The 65th Venice Film Festival kicked off Wednesday night with a warm reception for the Coen Brothers' dark comedy Burn After Reading.

The out-of-competition film assured a star-studded opening night for Venice with principal cast George Clooney, Brad Pitt, Tilda Swinton and Frances McDormand drawing ecstatic crowds of fans, many of which had camped out in front of the Palazzo del Cinema since that morning.

The Coens' wry comedy was well received here, with local press calling it a great opening film. To see Screen's review of the film click here.

'It makes you want to laugh and cry, it's a film done with great freedom and professionalism,' veteran critic Tullio Kezich told ScreenDaily.

Top Italian critic and author Paolo Mereghetti said that the Coens' die-hard fans won't be disappointed.

'The Coens often use a person that is poorly adapted to the world as their hero,' he said. 'It seems to me this film has that element as well as irony and taste.'

Russian actress Ksenia Rappoport hosted the opening night ceremony with Italy's film community on hand for the event, including Culture Minister Sandro Bondi and Studio heads Richard Borg for Universal and Paolo Ferrari for Warner Bros.

Italian distributor Medusa brought the film to the Lido; Giampaolo Letta and Carlo Rosella of Medusa were present alongside Focus Features James Shamus and Working Title's Tim Bevan.

In his opening comments, Marco Mueller said this edition sprang from his four years of experience as the festival's artistic director, but emphasised that this year's edition is 'starting again' and 'betting on the new'.

'We tried to present you a map of new cinema,' he said.

Wim Wenders introduced his seven-member international jury -- screenwriter Juriy Arabov, actress Valeria Golino, visual artist Douglas Gordon and film-makers Lucrecia Martel, John Landis and Jonny To -- as 'the magnificent seven.' The jury has decided to see the films in their public screenings.

'We promise to do our very best to pick the best possible films and we will see you [during the festival] because we will be watching the films with you,' Wenders said.

The ceremony was halted mid-way to present Brad Pitt with the award for Best Actor for his role in The Assassination Of Jesse James By The Coward Robert Ford, which he won last year but was not present to pick up.

'You can run but you cannot hide,' the actor joked on stage, accepting the Coppa Volpi. 'It's an honour to have received this last year and pick it up this year.'

The evening's most emotional moment came when centenarian director Manoel de Oliveira arrived on stage to a standing ovation.

At the end of the ceremony the Portuguese film-maker's seven-minute short film From Visible To Invisible (Do Visivel ao Invisivel), a satire on mobile-phone communication set on a Sao Paolo street. The short features a face-to-face phone conversation between two men.

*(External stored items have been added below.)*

(* Let $p\in\mathbf{R}_+^n$, $K=(K_1,\dots,K_n)\in\mathbf{R}_{++}^n$, $w\in\mathbf{R}_{++}^n$ and $K_0>0$. Consider \[ p^{\inf}=\inf\Big\{\mathbf{E}_{\pi}(w^{T}x-K_0)_+ \;:\; \pi \mbox{ a probability measure on }\mathbf{R}_+^n,\ \mathbf{E}_{\pi}(x_i-K_i)_+=p_i,\ i=1,\dots,n\Big\}. \] Then \[ p^{\inf}=\inf_{\nu}\Big\{\sum_{i=1}^n\big(p_iw_i-\nu_i(K_0-w_iK_i)_+\big)_+ \;:\; \nu\in\mathbf{R}^n,\ \nu\ge 0,\ \textstyle\sum_i\nu_i=1\Big\}, \] and this value equals \[ \sum_{\{i:\,K_iw_i\ge K_0\}}p_iw_i+\max_{\{j:\,K_jw_j<K_0\}}\Big(\sum_{\{i:\,K_iw_i<K_0\}}p_iw_i\min\Big(1,\frac{K_0-K_jw_j}{K_0-K_iw_i}\Big)-K_0+w_jK_j\Big)_+ , \] where the maximum over an empty index set is taken to be $0$. Moreover, the infimum $p^{\inf}$ is attained or approached by a sequence of discrete probability measures satisfying the constraints.
   Context: $(y)_+=\max(y,0)$. $\mathbf{R}_{++}^n$ denotes vectors with strictly positive components. *)

From HB Require Import structures.
From mathcomp Require Import all_boot all_order all_algebra.
From mathcomp Require Import all_classical all_reals all_analysis.
Set Implicit Arguments. Unset Strict Implicit. Unset Printing Implicit Defensive.
Import Order.TTheory GRing.Theory Num.Theory.
Local Open Scope classical_set_scope.
Local Open Scope ring_scope.

Definition pos_part (R : realType) (y : R) : R := Num.max y 0.

(* A probability measure on R_+^n is represented
   as the law of a random vector X = (X_1,...,X_n) (measurable, nonnegative
   coordinates) on an arbitrary probability space. *)
Definition feasible_values (R : realType) (n : nat) (p K w : 'I_n -> R) (K0 : R)
  : set (\bar R) :=
  [set v | exists (d : measure_display) (T : measurableType d)
             (P : probability T R) (X : 'I_n -> T -> R),
      (forall i, measurable_fun setT (X i)) /\
      (forall i t, 0 <= X i t) /\
      (forall i, (\int[P]_t (pos_part (X i t - K i))%:E = (p i)%:E)%E) /\
      v = (\int[P]_t (pos_part (\sum_(i < n) w i * X i t - K0))%:E)%E].

Definition pinf (R : realType) (n : nat) (p K w : 'I_n -> R) (K0 : R) : \bar R :=
  ereal_inf (feasible_values p K w K0).

Definition simplex (R : realType) (n : nat) : set ('I_n -> R) :=
  [set nu | (forall i, 0 <= nu i) /\ \sum_(i < n) nu i = 1].

Definition dual_inf (R : realType) (n : nat) (p K w : 'I_n -> R) (K0 : R) : R :=
  inf [set \sum_(i < n) pos_part (p i * w i - nu i * pos_part (K0 - w i * K i))
      | nu in @simplex R n].

(* Explicit formula; the max over an empty index set is 0 (all terms are >= 0). *)
Definition explicit_value (R : realType) (n : nat) (p K w : 'I_n -> R) (K0 : R) : R :=
  \sum_(i < n | K0 <= K i * w i) p i * w i +
  \big[Num.max/0]_(j < n | K j * w j < K0)
     pos_part (\sum_(i < n | K i * w i < K0)
                 p i * w i * Num.min 1 ((K0 - K j * w j) / (K0 - K i * w i))
               - K0 + w j * K j).

(* Finitely supported (discrete) probability measures on R^n:
   sum_k dm_wt k * delta_{dm_pt k}. *)
Record dmeasure (R : realType) (n : nat) := DMeasure {
  dm_size : nat;
  dm_wt : 'I_dm_size -> R;
  dm_pt : 'I_dm_size -> 'I_n -> R }.

Arguments dm_size {R n}.
Arguments dm_wt {R n}.
Arguments dm_pt {R n}.

Definition dm_feasible (R : realType) (n : nat) (p K : 'I_n -> R) (m : dmeasure R n) : Prop :=
  (forall k, 0 <= dm_wt m k) /\ \sum_(k < dm_size m) dm_wt m k = 1 /\
  (forall k i, 0 <= dm_pt m k i) /\
  (forall i, \sum_(k < dm_size m) dm_wt m k * pos_part (dm_pt m k i - K i) = p i).

Definition dm_value (R : realType) (n : nat) (w : 'I_n -> R) (K0 : R) (m : dmeasure R n) : R :=
  \sum_(k < dm_size m) dm_wt m k * pos_part (\sum_(i < n) w i * dm_pt m k i - K0).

Marco Mueller presented de Oliveira with an honourary Lion of the Future award, the prize given to first-time film-makers, and thanked de Oliveira for bringing his short film and said that, at 100 years of age, the venerable filmmaker had the flexibility of mind to make films 'like a youth.'

De Oliveira responded in French. 'I am very moved,' he said before going on to cite a long list of Italian films that influenced filmmakers around the world, from Quo Vadis to The Bicycle Thief, as well as citing a long list of Italy's well-loved actors and actresses, including Monica Vitti, Claudia Cardinale, Stefania Sandrelli and Marcello Mastroianni, whom he called 'his friend'.

'At the 65th Venice Film Festival,' de Oliveira said, 'Cinema is alive.'

Venice's traditional 1,200-guest formal dinner party followed the ceremony on the Lido's Excelsior Beach celebrating the opening in true Venetian style.